9. printing original plate according to any one of claim 1 to 6, wherein,

The layer containing polymer is to contain infrared absorbent, polymerization initiator, polymerizable compound and microgranular high score The minus image recording layer of sub- compound.

10. printing original plate according to any one of claim 1 to 6, wherein,

The layer containing polymer is the minus image recording layer containing infrared absorbent and particulate thermoplastic polymer.

11. the printing original plate according to any one of claim 7 to 10, wherein,

The layer containing polymer can by printing-ink and fountain solution at least any one remove.

12. printing original plate according to any one of claim 1 to 6, wherein,

The layer containing polymer is non-photosensitive layer.

13. printing original plate according to claim 12, it is characterised in that

14. a kind of lithographic plate, its usage right requires the printing original plate any one of 1 to 11 and is made.

15. the discarded version of one kind printing, its usage right require the printing original plate described in 12 or 13 and are made.

16. a kind of layered product, it makes the printing original plate any one of claim 1 to 11 directly contact and be laminated multiple Form.

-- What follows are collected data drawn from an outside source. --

Lemma alpha_swap_any a (x : X) b y c : alpha X (a, x) (b, y) -> c <> a -> c <> b ->
  ~ supp X x c -> ~ supp X y c -> act (swap a c) x = act (swap b c) y.
Proof.
  intros [d [Da [Db [Dx [Dy E]]]]] Ca Cb Cx Cy.
  destruct (Nat.eq_dec c d) as [->|Ncd]; [exact E|].
  assert (P : forall a', a' <> c -> a' <> d ->
            swap a' c = pcomp (swap c d) (pcomp (swap a' d) (swap c d))).
  { intros; apply perm_ext; intro z; simpl; sw_cases. }
  rewrite (P a), (P b) by auto. rewrite <- !(act_pcomp X HX).
  rewrite (swap_fresh x c d), (swap_fresh y c d), E by auto. reflexivity.
Qed.

Lemma alpha_refl a (x : X) : alpha X (a, x) (a, x).
Proof.
  pick_fresh c for (fun c => c = a \/ supp X x c) as [Nca Nx].
  exists c. auto.
Qed.

Lemma alpha_sym a (x : X) b y : alpha X (a, x) (b, y) -> alpha X (b, y) (a, x).
Proof. intros [d [Da [Db [Dx [Dy E]]]]]. exists d; auto. Qed.

Lemma alpha_trans a (x : X) b y c z :
  alpha X (a, x) (b, y) -> alpha X (b, y) (c, z) -> alpha X (a, x) (c, z).
Proof.
  intros H1 H2.
  pick_fresh e for (fun e => e = a \/ e = b \/ e = c \/ supp X x e \/ supp X y e \/ supp X z e)
    as [Nea [Neb [Nec [Nx [Ny Nz]]]]].
  exists e. repeat split; auto.
  rewrite (alpha_swap_any a x b y e H1), (alpha_swap_any b y c z e H2); auto.
Qed.
Lemma uniform_on_box_common_zero : (forall i, uniform_on_box (f i)) ->
  exists2 x, in_box x & forall i, f i x = 0.
Proof.
move=> f_uniform.
have box_in : approx_filter [set z | forall n, `|z n| <= m (idx n)].
  by exists (set0, 1); [split=> //=; exact: finite_set0 | move=> z []].
have [z [_ z_cluster]] := box_compact approx_filter_proper box_in.
have near_sol S e N d : finite_set S -> 0 < e -> 0 < d -> exists w,
    [/\ in_box (phi w), forall i, S i -> nrm (f i (phi w)) <= e & close_on N d (phi w) (phi z)].
  move=> fS e0 d0.
  have Fe : approx_filter (approx_solutions (S, e)) by apply: in_filter_from.
  by have [w [[_ [Bw Sw]] wz]] := z_cluster _ _ Fe (near_phi_close z N d0); exists w.
have Bz : in_box (phi z).
  move=> j; apply: nrm_le_approx => e e0.
  have [w [Bw _ wz]] := near_sol set0 1 j.+1 e (finite_set0 I) ltr01 e0.
  exists (phi w j); first by rewrite (le_trans (Bw j)) // lerDl ltW.
  by rewrite nrm_distC ltW // wz.
exists (phi z) => // i; apply: nrm_eq0; apply/eqP; rewrite eq_le nrm_ge0 andbT.
apply: nrm_le_approx => e e0; have [N [d d0 fd]] := (f_uniform i).2 e e0.
have [w [Bw Sw wz]] := near_sol [set i] e N d (finite_set1 i) e0 d0.
by exists (f i (phi w)); rewrite ?add0r ?Sw // nrm_distC fd.
Qed.

End Solution.
End Box.

Lemma theorem5_of_chart : theorem5_statement nrm.
Proof.
move=> D q I a b m _ Dq _ a_lp m_lp m_ge0 approx.
have Uf : forall i, uniform_on_box m (fun x => Ppoly D (a i) x - b i).
  move=> i; apply: uniform_on_box_add; last exact: uniform_on_box_cst.
  apply: uniform_on_box_Ppoly => // d dD.
  apply: cvg_series_mul_expn (a_lp i d dD) m_lp => //.
  by apply: le_lt_trans Dq; rewrite lee_fin ler_nat; case/andP: dD.
have [x Bx x0] : exists2 x, in_box m x & forall i, Ppoly D (a i) x - b i = 0.
  apply: uniform_on_box_common_zero Uf => e e0 S fS.
  by have [x [_ Bx Sx]] := approx e e0 S fS; exists x.
exists x; split=> // [|i]; last by apply/eqP; rewrite -subr_eq0 x0.
by apply: in_lp_le Bx m_lp; apply: le_trans (ltW Dq); rewrite lee_fin.
Qed.

End AbsoluteValue.

Section RealCase.
Variable R : realType.

Lemma normr_series_tail (u : nat -> R) N B :
  (forall n, \sum_(N <= j < n) `|u j| <= B) -> `|limn (series u) - \sum_(j < N) u j| <= B.
Proof.
move=> tailB; have cu := cvg_series_abs_tail tailB.
apply: (@cvgr_to_le _ \oo _ _ (fun n => `|series u n - \sum_(j < N) u j|)).
  by apply: cvg_norm; apply: cvgB => //; exact: cvg_cst.
apply: filterS (nbhs_infty_ge N) => n /= Nn.
exact: (nrm_series_sub_le (normr0 _) (@ler_normD _ _) tailB Nn).
Qed.

Lemma theorem5_real : theorem5_statement (fun r : R => `|r|).
Proof.
apply: (theorem5_of_chart (idx := id) (phi := id)).
- exact: normr_ge0.
- exact: normr0.
- exact: normr1.
- exact: normr0_eq0.
- exact: ler_normD.
- exact: normrM.
- exact: normrN.
- exact: normr_series_tail.
- by move=> x; exists x.
- exact: near_coord.
Qed.

End RealCase.

Section ComplexCase.
Variable R : realType.
Local Notation normc := (@Normc.normc R).
Local Open Scope complex_scope.
(* R[i] through its numFieldType structure, which carries its topology. *)
Local Notation C := (R[i] : numFieldType).

Lemma normc_Re (x : R[i]) : `|complex.Re x| <= normc x.
Proof.
by case: x => a b; rewrite /= -sqrtr_sqr ler_sqrt ?addr_ge0 ?sqr_ge0 // lerDl sqr_ge0.
Qed.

17. a kind of layered product, it makes the printing original plate described in claim 12 or 13 directly contact and be laminated multiple to form.

18. a kind of layered product, it makes the lithographic plate described in claim 14 directly contact and be laminated multiple to form.

19. a kind of layered product, it makes the printing described in claim 15 directly be contacted with discarded version and be laminated multiple to form.